Now, I take $P$, and I apply some arbitrary geometric rotational and translational geometric transform that acts uniformly on all points $p_i \in P$. I provide this transformed set of points $P^*$ to you, and your job is to reverse the geometric transform and map the coordinates back to their original positions to the best of your ability.

What is the optimal way to proceed?

A thought is that we can sample a new set of points $P_2$ from the distribution $f(x,y)$, and then use something like the RANSAC algorithm (http://en.wikipedia.org/wiki/RANSAC) to find a geometric transform to align the $P^*$ and $P_2$. This, however, seems to be a bit wasteful?
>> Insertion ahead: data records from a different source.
Lemma continuous_within_itvoo_at (V : topologicalType) (f : R -> V) (a b t : R) :
  {within `]a, b[, continuous f} -> a < t < b -> {for t, continuous f}.
Proof.
move=> fc tab; have := fc t; rewrite /continuous_at -nbhs_subspace_interior //.
by rewrite interior_itv /= in_itv /= tab.
Qed.

Lemma derivable_sqrt (g : R -> R) t : derivable g t 1 -> 0 < g t ->
  derivable (fun s => Num.sqrt (g s)) t 1.
Proof.
move=> /derivableP dg g0.
exact: (@ex_derive _ _ _ _ _ _ _ (is_derive1_comp (is_derive1_sqrt g0) dg)).
Qed.

(* Near [t], [h] has the sign of [h t], so [h = sg (h t) * sqrt (h ^+ 2)]. *)
Lemma derivable_of_sqr (h : R -> R) t : {for t, continuous h} -> h t != 0 ->
  derivable (fun s => h s ^+ 2) t 1 -> derivable h t 1.
Proof.
wlog h_gt0 : h / 0 < h t.
  move=> gen hc h0 dh; have [h_lt0|h_gt0|] := ltgtP (h t) 0; last by move/eqP: h0.
    have dNh : derivable (fun s => - h s) t 1.
      apply: gen; rewrite ?oppr_gt0 ?oppr_eq0 //; first exact: continuousN.
      by under eq_fun do rewrite sqrrN.
    have -> : h = (fun s => - - h s) by apply: funext => s; rewrite opprK.
    exact: derivableN dNh.
  exact: gen.
move=> hc _ dh.
apply: (@near_eq_derivable _ _ _ (fun s => Num.sqrt (h s ^+ 2))); last first.
  by apply: derivable_sqrt; rewrite ?exprn_gt0.
near=> s; rewrite sqrtr_sqr gtr0_norm //.
by near: s; exact: cvgr_gt _ hc _ h_gt0.
Unshelve. all: by end_near. Qed.

Lemma mx_entry_norm_le {m n} (x : 'M[R]_(m, n)) i j : `|x i j| <= `|x|.
Proof.
rewrite [leRHS]/Num.Def.normr /= mx_normrE.
by apply: le_trans; last exact: (le_bigmax _ _ (i, j)).
Qed.

Lemma continuous_dot n (f : R -> 'rV[R]_n) t u :
  {for t, continuous f} -> {for t, continuous (fun s => dot u (f s))}.
Proof.
move=> fc; have entry_cont i : {for t, continuous (fun s => f s 0 i)}.
  apply/cvgrPdist_lt => e e0; near=> s.
  have := mx_entry_norm_le (f t - f s) 0 i; rewrite !mxE => /le_lt_trans; apply.
  by near: s; exact: (cvgrPdist_lt _ _).1 fc e e0.
under [X in {for t, continuous X}]eq_fun do rewrite dotE.
apply: cvg_big => //; first exact: add_continuous.
by move=> i _; apply: cvgM; [exact: cvg_cst | exact: entry_cont].
Unshelve. all: by end_near. Qed.

End Calculus.

Section MetricCoordinates.
Context {R : realType} {n : nat} {U C : set 'rV[R]_n} {phi : R -> 'rV[R]_n} {t : R}.
Hypotheses (oU : open U) (mc : metric_coordinatizing C U) (U_phit : U (phi t))
  (phi_cont : {for t, continuous phi})
  (dist_derivable : forall c, C c -> derivable (fun s => euclid_dist (phi s) c) t 1).

Let derivable_along v := derivable (fun s => dot v (phi s)) t 1.

Let derivable_along0 : derivable_along 0.
Proof. by rewrite /derivable_along; under eq_fun do rewrite dot0l; exact: derivable_cst. Qed.

Let derivable_along_lin a v w :
  derivable_along v -> derivable_along w -> derivable_along (a *: v + w).
Proof.
move=> dv dw; rewrite /derivable_along; under eq_fun do rewrite dotDl dotZl.
apply: derivableD; last exact: dw.
by apply: derivableM; [exact: derivable_cst | exact: dv].
Qed.

Lemma sqr_dist_derivable c : C c ->
  derivable (fun s => dot (phi s - c) (phi s - c)) t 1.
Proof.
move=> Cc; under eq_fun do rewrite -euclid_dist_sqr expr2.
by apply: derivableM; exact: dist_derivable.
Qed.

(* Polarization: [2 dot (c - c0) x = |x - c0|^2 - |x - c|^2 + |c|^2 - |c0|^2]. *)
Lemma derivable_along_sub {c c0} : C c -> C c0 -> derivable_along (c - c0).
Proof.
move=> Cc Cc0; rewrite /derivable_along.
have polar x : dot (c - c0) x = (dot (x - c0) (x - c0) - dot (x - c) (x - c)
    + (dot c c - dot c0 c0)) / 2.
  by rewrite !(dotBl, dotBr) (dotC c x) (dotC c0 x); field.
under eq_fun do rewrite polar.
apply: derivableM; last exact: derivable_cst.
apply: derivableD; last exact: derivable_cst.
by apply: derivableB; exact: sqr_dist_derivable.
Qed.

Lemma derivable_along_normal {c0 u} : C c0 -> u != 0 ->
  dot u (phi t - c0) != 0 -> (forall v, dot u v = 0 -> derivable_along v) ->
  derivable_along u.
Proof.
move=> Cc0 u0 uz orth_derivable.
have uu0 : dot u u != 0 by rewrite dot_eq0.
suff dh : derivable (fun s => dot u (phi s - c0)) t 1.
  rewrite /derivable_along.
  have -> : (fun s => dot u (phi s)) = (fun s => dot u (phi s - c0) + dot u c0).
    by apply: funext => s; rewrite -dotDr subrK.
  by apply: derivableD => //; exact: derivable_cst.
apply: derivable_of_sqr => //.
  apply: continuous_dot; apply: cvgB; [exact: phi_cont | exact: cvg_cst].
under eq_fun do rewrite dot_sqr_decomposition //.
apply: derivableM; first exact: derivable_cst.
apply: derivableB; first exact: sqr_dist_derivable.
rewrite -fct_sumE; apply: derivable_sum => i.
set w := 'e_i - _ *: u.
have dw : derivable (fun s => dot w (phi s - c0)) t 1.
  under eq_fun do rewrite dotBr.
  apply: derivableB; last exact: derivable_cst.
  by apply: orth_derivable; rewrite dotBr dotZr dotC dot_delta divfK // subrr.
by under eq_fun do rewrite expr2; exact: (derivableM dw dw).
Qed.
Motivation - Say we know that the maxima of the distribution $f(x,y)$ occurs at some $(x_k,y_k)$. What is $(x_k,y_k)^*$, i.e. where is this point after applying the geometric transform that mapped $P$ to $P^*$? We could also ask about other "distinct" points of interest in $f(x,y)$ so that it isn't simply a matter of computing something like a geometric mean (or perhaps geometric median) of the point set $P^*$ to calculate $(x_k,y_k)^*$. Can we figure this out without the kind of silly solution I propose the employs the RANSAC algorithm?

(In response to R. B.'s comments): I mean "up to symmetry" here - apologies for the confusion.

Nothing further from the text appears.